For anybody else that also lands here, this is the snippet I am using:

library(sf)
library(dplyr)
library(purrr)
library(progress)

intersections <- st_intersects(x = xFeatures, y = yFeatures)

pb <- progress_bar$new(format = "[:bar] :current/:total (:percent)", total = dim(xFeatures)[1])

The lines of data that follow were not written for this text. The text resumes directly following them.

(* For every $j\in[N-1]$ and $\lambda\in\{0,1\}^N$ one has ${\bf s}_j(\mathbb{b}(\lambda))=\mathbb{b}(s_j\lambda)$, and, for the extension of ${\bf s}_j$ to $\mathbb{V}_N^{\mathrm{loc}}$, ${\bf s}_j(\mathbb{b}_\lambda)=\mathbb{b}_{s_j\lambda}$.
   Context: Fix $N\ge2$. $V=\mathbb{C}^2$ with basis $v_0,v_1$, ${\bf P}=\mathbb{C}[t_1,\dots,t_N]$, $\mathbb{V}_N=V^{\otimes N}\otimes{\bf P}$ with basis $v_\lambda$, $\lambda\in\{0,1\}^N$. Matrices on $V\otimes V$ are in the ordered basis $v_0\otimes v_0,v_0\otimes v_1,v_1\otimes v_0,v_1\otimes v_1$ (columns = images); $L(x,t)=\begin{pmatrix}1&0&0&0\\0&x+t&1&0\\0&1&0&0\\0&0&0&1\end{pmatrix}$. On $V[x]\otimes\mathbb{V}_N$ (factors $0,\dots,N$) let $M(x)=L_{0N}(x,t_N)\cdots L_{01}(x,t_1)$, $L_{0j}(x,t_j)$ acting as $L(x,t_j)$ on factors $0,j$ (factor $0$ first); define the ${\bf P}[x]$-linear operator $C(x)$ on $\mathbb{V}_N[x]$ by $M(x)(v_0\otimes w)=v_0\otimes A(x)w+v_1\otimes C(x)w$. For $\lambda\in\{0,1\}^N$ let $I_0=\{i_1<\dots<i_k\}=\{i:\lambda_i=0\}$ and $\mathbb{b}(\lambda)=C(-t_{i_1})\cdots C(-t_{i_k})v_{(1,\dots,1)}\in\mathbb{V}_N$. Let ${\bf P}^{\mathrm{loc}}={\bf P}[(t_a-t_b)^{-1}:a\ne b]$, $\mathbb{V}_N^{\mathrm{loc}}=V^{\otimes N}\otimes{\bf P}^{\mathrm{loc}}$, and $\mathbb{b}_\lambda=\prod_{b\in I_0,\,a\notin I_0}(t_a-t_b)^{-1}\,\mathbb{b}(\lambda)$. The operator ${\bf s}_j$ on $\mathbb{V}_N$ (and on $\mathbb{V}_N^{\mathrm{loc}}$) is defined by ${\bf s}_j(fv_\lambda)=s_j(f)\,(v_\lambda+(t_j-t_{j+1})v_{s_j\lambda})$ if $\lambda_j<\lambda_{j+1}$ and ${\bf s}_j(fv_\lambda)=s_j(f)v_\lambda$ otherwise, where $s_j\lambda$ swaps $\lambda_j,\lambda_{j+1}$ and $s_j(f)$ swaps $t_j,t_{j+1}$. *)

From HB Require Import structures.
From Stdlib Require Import Rdefinitions.
From mathcomp Require Import all_boot all_order all_algebra all_fingroup.
From mathcomp Require Import Rstruct complex.
From mathcomp Require Import mpoly.
Set Implicit Arguments. Unset Strict Implicit. Unset Printing Implicit Defensive.
Import GRing.Theory.
Local Open Scope ring_scope.

Definition Cx : fieldType := complex Rdefinitions.R.

(* P = C[t_1,...,t_N]; variable t_{i+1} is 'X_i, i : 'I_N (0-based). *)
Definition Pol (N : nat) := {mpoly Cx[N]}.

(* Indices lambda in {0,1}^N: false = 0, true = 1. *)
Definition lam (N : nat) := {ffun 'I_N -> bool}.

(* An element of V^{(x)N} (x) R is the coefficient family (w_lambda) on the basis v_lambda. *)
Definition Vec (N : nat) (R : Type) := {ffun lam N -> R}.
(* Element of V (x) V^{(x)N} (x) R (factor 0 first): coefficients on v_mu (x) v_lambda. *)
Definition Vec0 (N : nat) (R : Type) := {ffun bool * lam N -> R}.

Section Generic.
Variables (N : nat) (R : comNzRingType).

Definition ev (l : lam N) : Vec N R := [ffun m => (m == l)%:R].

Definition ones : lam N := [ffun _ => true].

Definition upd (l : lam N) (j : 'I_N) (b : bool) : lam N :=
  [ffun i => if i == j then b else l i].

Definition swapl (l : lam N) (j j' : 'I_N) : lam N :=
  [ffun i => if i == j then l j' else if i == j' then l j else l i].

(* index of v_b0 (x) v_b1 in the ordered basis v0v0, v0v1, v1v0, v1v1 *)
Definition pidx (b0 b1 : bool) : 'I_4 := inord (2 * b0 + b1).

(* the matrix L(x,t) (columns = images) *)
Definition Lmat (x t : R) : 'M[R]_4 :=
  \matrix_(i < 4, k < 4)
    nth 0 (nth [::] [:: [:: 1; 0; 0; 0];
                        [:: 0; x + t; 1; 0];
                        [:: 0; 1; 0; 0];
                        [:: 0; 0; 0; 1]] i) k.

Definition Lop (x tj : R) (j : 'I_N) (w : Vec0 N R) : Vec0 N R :=
  [ffun p : bool * lam N =>
     \sum_(mu : bool) \sum_(b : bool)
        Lmat x tj (pidx p.1 (p.2 j)) (pidx mu b) * w (mu, upd p.2 j b)].

(* M(x) = L_{0N}(x,t_N) ... L_{01}(x,t_1)  (L_{01} applied first) *)
Definition Mop (t : 'I_N -> R) (x : R) (w : Vec0 N R) : Vec0 N R :=
  foldl (fun w j => Lop x (t j) j w) w (enum 'I_N).

(* C(x): M(x)(v_0 (x) w) = v_0 (x) A(x) w + v_1 (x) C(x) w *)
Definition Cop (t : 'I_N -> R) (x : R) (w : Vec N R) : Vec N R :=
  [ffun l => Mop t x [ffun p : bool * lam N => if p.1 then 0 else w p.2] (true, l)].

(* b(lambda) = C(-t_{i_1}) ... C(-t_{i_k}) v_{(1,...,1)}, I_0 = {i_1 < ... < i_k} *)
Definition bvec (t : 'I_N -> R) (l : lam N) : Vec N R :=
  foldr (fun i w => Cop t (- t i) w) (ev ones) [seq i <- enum 'I_N | ~~ l i].

Definition sop (sigma : R -> R) (tj tj1 : R) (j j' : 'I_N) (w : Vec N R) : Vec N R :=
  [ffun m => \sum_(l : lam N)
     sigma (w l) * ((l == m)%:R +
        (if ~~ l j && l j' then (tj - tj1) * (swapl l j j' == m)%:R else 0))].

End Generic.

Section Concrete.
Variable N : nat.

Definition tP (i : 'I_N) : Pol N := 'X_i.
(* Let $f:\mathbb{R}^n\to\mathbb{R}$ be locally Lipschitz continuous and bounded below, let $x^0\in\mathbb{R}^n$ be such that the level set $\mathrm{lev}_{x^0}f=\{x\in\mathbb{R}^n : f(x)\le f(x^0)\}$ is bounded, and suppose $f$ is prox-regular at every point of $\mathrm{lev}_{x^0}f$. For $x\in\mathbb{R}^n$ and $a\ge 0$ let $g(y;x,a)=f(y)+\frac{a}{2}\|y-x\|_2^2$. Then there exists a number $\bar a\ge 0$ such that for every $a\ge \bar a$, every $x\in\mathbb{R}^n$ and every $y\in\mathrm{lev}_{x^0}f$, the function $g(\cdot;x,a)$ is convex on a neighborhood of $y$.
   Context: $\partial f(\bar x)$ denotes the basic (limiting) subdifferential: the set of limits of Fréchet subgradients $s_j\in\hat\partial f(x_j)$ with $x_j\to\bar x$, $f(x_j)\to f(\bar x)$, where $s\in\hat\partial f(x)$ means $\liminf_{x'\to x, x'\neq x}\frac{f(x')-f(x)-\langle s,x'-x\rangle}{\|x'-x\|}\ge 0$. A function $f$ is prox-regular at $\bar x$ for $\bar v\in\partial f(\bar x)$ if $f$ is finite and locally lower semicontinuous at $\bar x$ and there exist $\epsilon>0$ and $a\ge0$ such that $f(x')\ge f(x)+\langle v,x'-x\rangle-\frac a2\|x'-x\|^2$ for all $x'\in B(\bar x,\epsilon)$ whenever $\|x-\bar x\|<\epsilon$, $v\in\partial f(x)$, $\|v-\bar v\|<\epsilon$, $f(x)<f(\bar x)+\epsilon$; $f$ is prox-regular at $\bar x$ if this holds for every $\bar v\in\partial f(\bar x)$. *)

From HB Require Import structures.
From mathcomp Require Import all_boot all_order all_algebra.
From mathcomp Require Import reals.
Set Implicit Arguments. Unset Strict Implicit. Unset Printing Implicit Defensive.
Import Order.TTheory GRing.Theory Num.Theory.
Local Open Scope ring_scope.

Section Defs.
Variables (R : realType) (n : nat).
Local Notation vec := 'rV[R]_n.

Definition dotv (x y : vec) : R := \sum_(i < n) x 0 i * y 0 i.
Definition norm2 (x : vec) : R := Num.sqrt (dotv x x).

(* Frechet subgradient: liminf_{x'->x, x'<>x} (f x' - f x - <s,x'-x>)/|x'-x| >= 0,
   unfolded with epsilon-delta. *)
Definition frechet_subgrad (f : vec -> R) (x s : vec) : Prop :=
  forall eps : R, 0 < eps -> exists2 del : R, 0 < del &
    forall x' : vec, 0 < norm2 (x' - x) -> norm2 (x' - x) < del ->
      - eps * norm2 (x' - x) <= f x' - f x - dotv s (x' - x).

Definition limiting_subgrad (f : vec -> R) (x s : vec) : Prop :=
  exists (xs ss : nat -> vec),
    (forall j, frechet_subgrad f (xs j) (ss j)) /\
    (forall e : R, 0 < e -> exists N, forall j, (N <= j)%N ->
        [/\ norm2 (xs j - x) < e, `|f (xs j) - f x| < e & norm2 (ss j - s) < e]).

Definition locally_lsc (f : vec -> R) (xbar : vec) : Prop :=
  exists2 r : R, 0 < r & forall x : vec, norm2 (x - xbar) < r ->
    forall e : R, 0 < e -> exists2 d : R, 0 < d &
      forall y : vec, norm2 (y - x) < d -> f x - e < f y.

Definition prox_regular_at_for (f : vec -> R) (xbar vbar : vec) : Prop :=
  locally_lsc f xbar /\
  exists eps a : R, [/\ 0 < eps, 0 <= a &
    forall (x v : vec), norm2 (x - xbar) < eps -> limiting_subgrad f x v ->
      norm2 (v - vbar) < eps -> f x < f xbar + eps ->
      forall x' : vec, norm2 (x' - xbar) < eps ->
        f x + dotv v (x' - x) - a / 2 * (norm2 (x' - x)) ^+ 2 <= f x'].

Definition prox_regular_at (f : vec -> R) (xbar : vec) : Prop :=
  locally_lsc f xbar /\
  forall vbar : vec, limiting_subgrad f xbar vbar -> prox_regular_at_for f xbar vbar.

Definition locally_lipschitz (f : vec -> R) : Prop :=
  forall x : vec, exists2 del : R, 0 < del & exists L : R,
    forall y z : vec, norm2 (y - x) < del -> norm2 (z - x) < del ->
      `|f y - f z| <= L * norm2 (y - z).

Definition convex_near (g : vec -> R) (y : vec) : Prop :=
  exists2 r : R, 0 < r & forall (u w : vec) (t : R),
    norm2 (u - y) < r -> norm2 (w - y) < r -> 0 <= t -> t <= 1 ->
    g (t *: u + (1 - t) *: w) <= t * g u + (1 - t) * g w.

Definition gfun (f : vec -> R) (x : vec) (a : R) (y : vec) : R :=
  f y + a / 2 * (norm2 (y - x)) ^+ 2.

End Defs.

(* For a point [ybar] of the level set, prox-regularity holds uniformly (one
   radius, one constant) for all Fréchet subgradients of norm at most [2 L],
   [L] a local Lipschitz constant, by compactness of such subgradients.
   Fréchet subgradients of that size exist densely (at minimizers of
   [f + k |. - z|^2]), so [g(.; x, a)] has exact affine minorants densely near
   [ybar] once [a] exceeds the prox-regularity constant, and a continuous
   function with densely many exact minorants is convex.  Compactness of the
   level set turns these local thresholds into a uniform one. *)

From HB Require Import structures.
From mathcomp Require Import all_boot all_order all_algebra.
From mathcomp Require Import reals ring lra.
From mathcomp Require Import classical_sets boolp topology normedtype sequences.
Import Order.TTheory GRing.Theory Num.Theory numFieldNormedType.Exports.
Local Open Scope ring_scope.
Set Implicit Arguments. Unset Strict Implicit.

Section Euclidean.
Variables (R : realType) (n : nat).
Local Notation vec := 'rV[R]_n.
Implicit Types x y z : vec.

Lemma dotvC x y : dotv x y = dotv y x.
Proof. by apply: eq_bigr => i _; rewrite mulrC. Qed.

Lemma dotvDl x y z : dotv (x + y) z = dotv x z + dotv y z.
Proof. by rewrite /dotv -big_split; apply: eq_bigr => i _; rewrite !mxE mulrDl. Qed.

Lemma dotvZl (c : R) x y : dotv (c *: x) y = c * dotv x y.
Proof. by rewrite /dotv mulr_sumr; apply: eq_bigr => i _; rewrite !mxE mulrA. Qed.

Lemma dotvNl x y : dotv (- x) y = - dotv x y.
Proof. by rewrite -scaleN1r dotvZl mulN1r. Qed.

Lemma dotvDr x y z : dotv x (y + z) = dotv x y + dotv x z.
Proof. by rewrite dotvC dotvDl !(dotvC x). Qed.

Lemma dotvZr (c : R) x y : dotv x (c *: y) = c * dotv x y.
Proof. by rewrite dotvC dotvZl dotvC. Qed.

Lemma dotvNr x y : dotv x (- y) = - dotv x y.
Proof. by rewrite dotvC dotvNl dotvC. Qed.

Lemma dotv0l x : dotv 0 x = 0.
Proof. by rewrite /dotv big1 // => i _; rewrite mxE mul0r. Qed.

Lemma dotv0r x : dotv x 0 = 0.
Proof. by rewrite dotvC dotv0l. Qed.

Lemma dotvv_ge0 x : 0 <= dotv x x.
Proof. by apply: sumr_ge0 => i _; rewrite -expr2 sqr_ge0. Qed.

Lemma dotvv_eq0 x : dotv x x = 0 -> x = 0.
Proof.
move=> x0; apply/rowP => i; rewrite mxE; apply/eqP; rewrite -sqrf_eq0 expr2.
by apply/eqP; apply: (psumr_eq0P _ x0) => // j _; rewrite -expr2 sqr_ge0.
Qed.

Lemma norm2_ge0 x : 0 <= norm2 x.
Proof. exact: sqrtr_ge0. Qed.

Lemma sqr_norm2 x : norm2 x ^+ 2 = dotv x x.
Proof. by rewrite sqr_sqrtr // dotvv_ge0. Qed.

Lemma norm20 : norm2 (0 : vec) = 0.
Proof. by rewrite /norm2 dotv0l sqrtr0. Qed.

Lemma cauchy_schwarz_sqr x y : dotv x y ^+ 2 <= dotv x x * dotv y y.
Proof.
have [/dotvv_eq0 ->|y0] := eqVneq (dotv y y) 0; first by rewrite !dotv0r expr0n mulr0.
have ypos : 0 < dotv y y by rewrite lt_def y0 dotvv_ge0.
pose t := dotv x y / dotv y y.
have tyy : t * dotv y y = dotv x y by rewrite divfK.
have := dotvv_ge0 (x - t *: y).
rewrite !(dotvDl, dotvDr, dotvNl, dotvNr, dotvZl, dotvZr) (dotvC y x).
move: tyy ypos; set X := dotv x x; set Y := dotv y y; set D := dotv x y => tyy ypos h.
nra.
Qed.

intersectFeatures <- map_dfr(1:dim(xFeatures)[1], function(ix){
  pb$tick()
  st_intersection(x = xFeatures[ix,], y = yFeatures[intersections[[ix]],])
})
KatieMurenbeeld commented 1 month ago

I know this is a year later, but to follow up on @EhrmannS comment. I used their code example, but when I do so I run into funny errors if I then try to use other st_*() functions. For example, if I try to run st_area(intersectFeatures) I get

Error in `stopifnot()`:
ℹ In argument: `area = st_area(.)`.
Caused by error:
! Not compatible with requested type: [type=list; target=double].

but if I run st_area(head(intersectFeatures)) it runs no problem. I am trying to figure out what happens to the geometries when I use head(intersectFeatures)?